How fun! this is the first step toward Soylent Green! Soon it won’t matter what we’re eating, it’ll always taste like chicken! Bon Appetit!

And the Winner Is…

Tuesday, April 5th, 2005

The Pulitzer Prizes were awarded today. For 89 years the legacy of John Pulitzer has kept an eye on society and a finger on the pulse of the world. Loose and hour in the timeline at Pulitzer.org, look for your next great read, check out this years winners, but especially, take the time to view photography by Deanne Fitzmaurice and of the Associated Press Staff.

Simply inspiring.

The Toklat Family is My Family, Too.

Monday, April 4th, 2005

Of all the news I’ve read this week, the killing of the Toklat wolves makes me the saddest. Not Terri, not the Pope - may they find rest at last - but the wolves; I feel their pain. The crux of irony is that the trappers, while acting fully within our feeble laws, are catching adult wolves. More common would be a trapper finding young, inexperienced animals, but in Denali National Park so many non-threatening tourists have passed through the park, that the adult wolves have become habituated toward their human cousins, only to be preyed upon by those few who make a profit by killing animals. Some would think at this point that the wolves so trapped are just stupid, but these beautiful examples of our planet’s bounty (or God’s skills, if you so desire) are just following their nature; betrayal is a foreign concept.

When will humanity remember that we too are mammals? When will we remember that killing other mammals is the same as killing our brothers?

Wait. We kill other humans, too – by the thousands. If we can’t kill them with superior weaponry, we starve and rape them, stealing their dignity, their livelihoods and their land. Obviously, as a species we have no respect for life. We feign respect for certain lives, perhaps, if there is a perceived political advantage. History evinces our lip service toward the life affirming tenets of religion; yet as a species we are hypocrites.
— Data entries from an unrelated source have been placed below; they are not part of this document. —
Lemma hecke_coef_coprime (kap N n J : nat) (a : nat -> C) :
  (0 < n)%nat -> Nat.gcd n J = 1%nat ->
  hecke_coef kap N n a J
  = (RtoC (INR n ^ (kap - 1)) * / cpow (INR n) kap * INR n * a (n * J)%nat)%C.
Proof.
  intros Hn Hcop. destruct n as [|n]; [lia|]. unfold hecke_coef.
  change (seq 1 (S n)) with (1%nat :: seq 2 n). rewrite csum_cons.
  rewrite (csum_ext (seq 2 n) _ (fun _ => 0%C)), csum_const.
  - rewrite Nat.mod_1_r, Nat.div_1_r, dilate_1, cpow_RtoC.
    change (Nat.gcd 1 N) with 1%nat. simpl andb. cbv iota. ring.
  - intros A HA. apply in_seq in HA.
    destruct (Nat.eqb_spec (S n mod A) 0) as [HnA|]; [|reflexivity].
    assert (HJA : J mod A <> 0%nat).
    { intros HJA. apply Nat.Lcm0.mod_divide in HnA, HJA.
      assert (Hdiv := Nat.gcd_greatest _ _ _ HnA HJA). rewrite Hcop in Hdiv.
      apply Nat.divide_pos_le in Hdiv; lia. }
    unfold dilate. apply Nat.eqb_neq in HJA as ->.
    destruct (Nat.gcd A N =? 1)%nat; simpl; ring.
Qed.

Lemma hecke_eigen_coef (f : C -> C) (a : nat -> C) (kap N n : nat) :
  fourier_expansion f a -> hecke_eigenform kap N f -> (0 < n)%nat ->
  exists lam : C, forall J, hecke_coef kap N n a J = (lam * a J)%C.
Proof.
  intros Hf He Hn. destruct (He n Hn) as [lam Hlam]. exists lam.
  intros J. apply Ceq_minus. revert J.
  apply (cpseries_zero_coef (fun J => hecke_coef kap N n a J - lam * a J)%C).
  intros s Hs. destruct (imag_axis_param s Hs) as [y [Hy <-]].
  assert (Hf_y := proj2 Hf (0, y) Hy). rewrite qexp_imag_axis in Hf_y.
  assert (Hdiff := is_series_Cminus _ _ _ _ (hecke_q_expansion f a kap N n y Hf Hn Hy)
                     (is_series_Cmult_l lam _ _ Hf_y)).
  rewrite Hlam in Hdiff by exact Hy.
  eapply is_series_C_ext; [|replace (RtoC 0) with (lam * f (0, y) - lam * f (0, y))%C by ring;
                          exact Hdiff].
  intros j. cbv beta. ring.
Qed.

Lemma fourier_coef_mult_coprime (f : C -> C) (a : nat -> C) (kap N n m : nat) :
  fourier_expansion f a -> a 1%nat = RtoC 1 -> hecke_eigenform kap N f ->
  (0 < n)%nat -> Nat.gcd n m = 1%nat -> a (n * m)%nat = (a n * a m)%C.
Proof.
  intros Hf H1 He Hn Hcop.
  destruct (hecke_eigen_coef f a kap N n Hf He Hn) as [lam Hlam].
  set (al := (RtoC (INR n ^ (kap - 1)) * / cpow (INR n) kap * INR n)%C).
  assert (Hal : al <> 0%C).
  { assert (HnR : INR n <> 0) by (apply not_0_INR; lia).
    assert (Hpow : INR n ^ kap <> 0) by now apply pow_nonzero.
    unfold al. rewrite cpow_RtoC, <- RtoC_inv, <- !RtoC_mult by exact Hpow.
    intros E. apply RtoC_inj in E. revert E.
    repeat apply Rmult_integral_contrapositive_currified;
      auto using pow_nonzero, Rinv_neq_0_compat. }
  assert (Hcoef : forall J, Nat.gcd n J = 1%nat -> (al * a (n * J)%nat)%C = (lam * a J)%C).
  { intros J HJ. rewrite <- Hlam. unfold al. symmetry. now apply hecke_coef_coprime. }
  assert (Hlam_n : (al * a n)%C = lam).
  { replace (a n) with (a (n * 1)%nat) by now rewrite Nat.mul_1_r.
    rewrite Hcoef, H1 by (rewrite Nat.gcd_comm; reflexivity). apply Cmult_1_r. }
  assert (Hal_nm : (al * a (n * m)%nat)%C = (al * (a n * a m))%C).
  { rewrite Hcoef, <- Hlam_n by exact Hcop. ring. }
  apply (f_equal (Cmult (/ al))) in Hal_nm.
  rewrite !Cmult_assoc, Cinv_l, !Cmult_1_l in Hal_nm by exact Hal. exact Hal_nm.
Qed.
I, for one, believe in karma, it is nothing more that the law of causality, as in “what comes around goes around.” I watch from the sidelines, sharing in the collective guilt because I have my own family to feed, just like the wolves do. And like the wolves I watch as humanity builds an astronomical karmic debt, much like our current national debt in that the causes are similar and that the payments will occur for generations to come. This assumes that generations will come - if not perhaps then the debt will have been paid in full.

How I Spent My Sunday

Sunday, April 3rd, 2005

I wrote a couple of political rants on My Other Blog. Made some minor tweaks to all three sites, including a picture of the family coat of arms on my bio page at the Tannish Page. This blogging lifestyle takes a lot of time!

Lovin’ it!

Blogger’s Block

Saturday, April 2nd, 2005

A spill of mental blockage is filling my brain this week. Suffering from Blog Envy caused by reading a plethora of Really Excellent Blogs, my humble postings are blushing from their own temerity, reeling from the competition, from a lack of direction, and from the unavoidable fact of my meatspace needs needing attention. Life often interferes on having fun.
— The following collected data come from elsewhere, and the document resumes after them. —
Lemma step_system_in_bounds a k : step_system a k -> in_bounds a k.
Proof.
  intros [Hk Hsum]. assert (Hb1 := Hb 1%nat ltac:(lia)).
  assert (Hlow : / (bhi + lam) < a).
  { apply Rnot_le_lt. intros Hle.
    apply (Rmult_le_compat_l (bhi + lam)) in Hle; [|lra]. rewrite Rinv_r in Hle by lra.
    pose proof (k_equations_sum_neg a k Hk Hle). lra. }
  assert (Hup : a <= / blo).
  { apply Rnot_lt_le. intros Hlt.
    apply (Rmult_lt_compat_l blo) in Hlt; [|lra]. rewrite Rinv_r in Hlt by lra.
    pose proof (k_equations_sum_pos a k Hk Hlt). lra. }
  assert (Hpos : 0 < a) by (pose proof (Rinv_0_lt_compat (bhi + lam)); lra).
  split; [split; assumption|]. intros i Hi.
  specialize (Hb i Hi). specialize (Hdlam i Hi). specialize (Hd i Hi). specialize (Hk i Hi).
  split.
  - apply exp_bound_of_le; [exact Hlo|].
    apply (exp_ge_of_lin_exp (d i)); [lra|nra|]. rewrite Hk. nra.
  - unfold lin_exp in Hk. pose proof (exp_pos (alpha i * k i)). nra.
Qed.

End Step.

Lemma step_system_ext alpha b d d' lam j a k :
  (forall i, (1 <= i <= j)%nat -> d i = d' i) ->
  step_system alpha b d lam j a k -> step_system alpha b d' lam j a k.
Proof. intros Hdd [Hk Hsum]. split; [|exact Hsum]. intros i Hi. rewrite <- Hdd by exact Hi. auto. Qed.

Lemma in_bounds_pos alpha lam blo bhi j a k : 0 < lam -> 0 < blo -> blo <= bhi ->
  in_bounds alpha lam blo bhi j a k -> 0 < a.
Proof. intros Hlam Hlo Hlh [[Ha _] _]. pose proof (Rinv_0_lt_compat (bhi + lam)). lra. Qed.

Lemma in_bounds_ln alpha lam blo bhi j a k i : 0 < lam -> 0 < blo -> blo <= bhi ->
  in_bounds alpha lam blo bhi j a k -> (1 <= i <= j)%nat ->
  - ln ((bhi + lam) / blo) <= alpha i * k i <= (bhi + lam) / blo - 1.
Proof.
  intros Hlam Hlo Hlh [[Hlow Hup] Hk] Hi. destruct (Hk i Hi) as [Hexp Hlin].
  set (y := alpha i * k i) in *. split.
  - assert (Hey : exp (- y) < (bhi + lam) / blo).
    { pose proof (exp_pos (- y)).
      apply (Rmult_lt_compat_l (exp (- y))) in Hlow; [|assumption].
      apply (Rmult_lt_reg_r (/ (bhi + lam))); [apply Rinv_0_lt_compat; lra|].
      replace ((bhi + lam) / blo * / (bhi + lam)) with (/ blo) by (field; lra). lra. }
    apply ln_increasing in Hey; [|apply exp_pos]. rewrite ln_exp in Hey. lra.
  - apply (Rmult_le_compat_l (bhi + lam)) in Hup; [|lra]. unfold Rdiv. lra.
Qed.

Definition solves_step (lambda : R) (alpha rho : nat -> R) (mu sigma : nat -> nat -> R)
  (j : nat) (a : R) (k : nat -> R) (a' : R) (k' : nat -> R) : Prop :=
  / a = betaSigma alpha rho mu sigma j + lambda
        - (alphaSigma alpha j *
           sumR (fun i => lambda * a' * exp (- (alpha i * (k' i - k i))) / alpha i) j) * / a /\
  (forall i, (1 <= i <= j)%nat ->
     k i = ((beta alpha rho mu sigma i j + lambda) * a - 1) / alpha i
           - lambda * a' * exp (- (alpha i * (k' i - k i))) / alpha i).

Lemma inv_alpha_sum_pos (alpha : nat -> R) (j : nat) : (1 <= j)%nat ->
  (forall i, (1 <= i <= j)%nat -> 0 < alpha i) -> 0 < sumR (fun i => / alpha i) j.
Proof.
  intros Hj Halpha. apply sumR_gt0; [exact Hj|]. intros i Hi.
  exact (Rinv_0_lt_compat _ (Halpha i Hi)).
Qed.

Lemma k_equation_iff (alpha c a lam a' k k' : R) : 0 < alpha ->
  k = (c * a - 1) / alpha - lam * a' * exp (- (alpha * (k' - k))) / alpha <->
  lin_exp (lam * a' * exp (- (alpha * k'))) (alpha * k) = c * a - 1.
Proof.
  intros Halpha. unfold lin_exp.
  replace (- (alpha * (k' - k))) with (- (alpha * k') + alpha * k) by ring.
  rewrite exp_plus. split; intros H.
  - rewrite H at 1. field. lra.
  - apply (Rmult_eq_reg_l alpha); [|lra]. rewrite <- H at 1. field. lra.
Qed.

Lemma A_equation_iff (alpha b e k : nat -> R) (lam a : R) (j : nat) :
  (1 <= j)%nat -> (forall i, (1 <= i <= j)%nat -> 0 < alpha i) -> 0 < a ->
  (forall i, (1 <= i <= j)%nat -> e i = ((b i + lam) * a - 1) / alpha i - k i) ->
  (/ a = alphaSigma alpha j * sumR (fun i => b i / alpha i) j + lam
         - (alphaSigma alpha j * sumR e j) * / a <-> sumR k j = 0).
Proof.
  intros Hj Halpha Ha He.
  pose proof (inv_alpha_sum_pos alpha j Hj Halpha) as HW.
  set (W := sumR (fun i => / alpha i) j) in *.
  set (B := sumR (fun i => b i / alpha i) j).
  set (K := sumR k j).
  assert (Hsum : sumR e j = a * B + (lam * a - 1) * W - K).
  { unfold W, B, K. rewrite <- sumR_lincomb. apply sumR_ext. intros i Hi.
    rewrite He by exact Hi. specialize (Halpha i Hi). field. lra. }
  unfold alphaSigma. fold W. rewrite Hsum.
  replace (/ W * B + lam - / W * (a * B + (lam * a - 1) * W - K) * / a)
    with (/ a + K / (W * a)) by (field; lra).
  split; intros H.
  - replace K with (K / (W * a) * (W * a)) by (field; lra). replace (K / (W * a)) with 0 by lra. ring.
  - rewrite H. unfold Rdiv. ring.
Qed.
My hopes of blogging daily have evaporated in the light of life’s persistent intrusions. That’s OK. Better if I focus on quality (to the limit of my talents), which takes time. I’m starting an essay on religion - make that religious substitute - which I’m sure will offend someone; Agnosticism and Atheism are not exactly in vogue. When finished it will appear on the Tannish Page. I created a contact card last night – to call it a business card would be too pretentious – that is light-hearted and maybe a bit cutesy. Maybe I should adopt the little guy as a mascot, he reminds me of me in a way and he even holds his pencil in his left hand!

All of the above is to keep my idle mind busy while the blockage is cleared. I think I’ll go meditate, that should help.